Lack of locking - Githubissues

ozbenh commented 5 years ago

Hi !

I looked at your driver and I think quite a bit of your stability problems could relate to the absence of meaningful locking in there :)

You plan a dance with atomics here or there but that's really not going to fly. I reckon you should have a per-queue spinlocks and for general non-interrupt housekeeping, use a mutex. Esp. with USB, you will be called at random times including softirq, etc...

One interesting question is how often do you need to use the mailbox. It might be worthwhile considering making it a request queue with interrupt completions, up to you...
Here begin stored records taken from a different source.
(* Let $p>2$ be a prime, $m\ge2$, and $c_1,\ldots,c_{2m}\in\mathbb{Z}_p$ with $c_i\not\equiv0\pmod p$. Let $G$ be the pro-$p$-group with generators $x_1,\ldots,x_{2m}$ and relations $$x_1^{pc_1}[x_1,x_2]=1,\ x_2^{pc_2}[x_2,x_3]=1,\ \ldots,\ x_{2m-1}^{pc_{2m-1}}[x_{2m-1},x_{2m}]=1,\ x_{2m}^{pc_{2m}}[x_{2m},x_1]=1,$$ i.e. $G=F/R$ with $F$ the free pro-$p$-group on $x_1,\dots,x_{2m}$ and $R$ the closed normal subgroup generated by the left-hand sides. Then for every $n<p$, every continuous homomorphism $G\to\mathrm{GL}_n^{(1)}(\mathbb{Z}_p)$ is trivial.
   Context: $\mathrm{GL}_n^{(1)}(\mathbb{Z}_p)=\{X\in\mathrm{GL}_n(\mathbb{Z}_p): X\equiv 1 \bmod p\}$; $[x,y]=x^{-1}y^{-1}xy$. *)

From HB Require Import structures.
From mathcomp Require Import all_boot all_order all_algebra.
Set Implicit Arguments. Unset Strict Implicit. Unset Printing Implicit Defensive.
Import GRing.Theory.
Local Open Scope ring_scope.

(* p-adic integers Z_p, as the inverse limit of Z/p^(k+1), k >= 0:
   coordinate k is the residue mod p^(k+1).  (Used only for p prime > 2,
   so every 'Z_(p^(k+1)) really is Z/p^(k+1)Z.) *)
Record Zpadic (p : nat) := ZPadic {
  zp_coord : forall k : nat, 'Z_(p ^ k.+1);
  zp_compat : forall k : nat,
    ((zp_coord k.+1 : nat) %% p ^ k.+1 = (zp_coord k : nat))%N }.

(* GL_n^(1)(Z_p) = { X in GL_n(Z_p) : X = 1 mod p }, as compatible families
   of n x n matrices over Z/p^(k+1) whose reduction mod p is the identity
   (such matrices are automatically invertible over Z_p). *)
Record GLn1 (p n : nat) := GLN1 {
  gl_coord : forall k : nat, 'M['Z_(p ^ k.+1)]_n;
  gl_compat : forall (k : nat) (i j : 'I_n),
    ((gl_coord k.+1 i j : nat) %% p ^ k.+1 = (gl_coord k i j : nat))%N;
  gl_one_mod_p : gl_coord 0 = 1%:M }.

Definition gl_trivial (p n : nat) (X : GLn1 p n) : Prop :=
  forall k : nat, gl_coord X k = 1%:M.

Definition mxpow (R : pzRingType) (n : nat) (A : 'M[R]_n) (e : nat) : 'M[R]_n :=
  iter e (mulmx A) 1%:M.

Definition mxcomm (R : comUnitRingType) (n : nat) (A B : 'M[R]_n) : 'M[R]_n :=
  invmx A *m invmx B *m A *m B.

(* Since X = 1 mod p, X mod p^(k+1) has order dividing p^k, so
   the p-adic power X^(p c) reduces mod p^(k+1) to (X mod p^(k+1))^(p c')
   for any natural c' = c mod p^k; we use c' = the residue of c mod p^(k+1). *)
Definition rel_holds (p n : nat) (c : Zpadic p) (X Y : GLn1 p n) : Prop :=
  forall k : nat,
    mxpow (gl_coord X k) (p * zp_coord c k)%N *m mxcomm (gl_coord X k) (gl_coord Y k)
    = 1%:M.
MCMrARM commented 5 years ago

The VHCI code does have all required locking as far as I am aware. All of the atomics were carefully placed. It might be possible that some of the BCE code might lack some locking (actually I am aware of one case of this - queue creation has no locking, this causes issues if one wanted to destroy a queue; a bigger issue is that I learned about spin_lock_irqsave only after using spin_lock caused me a global system freeze) but there's an important design decision there: it's up to the user (VHCI) to lock on submit and message polling (and you can indeed find some locks in the VHCI code). I only support processing a single MSI interrupt at a time, so generally the code does not require locking there (the queue code is like a low level implementation, it does minimal locking and uses more atomics as they are faster and there are no issues with concurrent access there). I got thru most of the stability issues other than some regarding the VHCI global command queue, where bad things (mismatched replies) happen after a command times out, and I think that happens because I originally thought the command queue is a queue but apparently it seems it's single-request-at-a-time (the firmware only seems to support cancelling the last command). The timeout in question happen during some specific device->host interactions, not sure about the details because it's not common. I'll have to verify if the queue is indeed single-request later by reversing the OS X driver. The biggest issue that I am facing right now, isn't stability, it's latency. The latency is just plain terrible. Enable the camera and the mouse lags by like 50ms. That's just terrible. I'm not even sure what am I doing wrong exactly, the code should be "fast".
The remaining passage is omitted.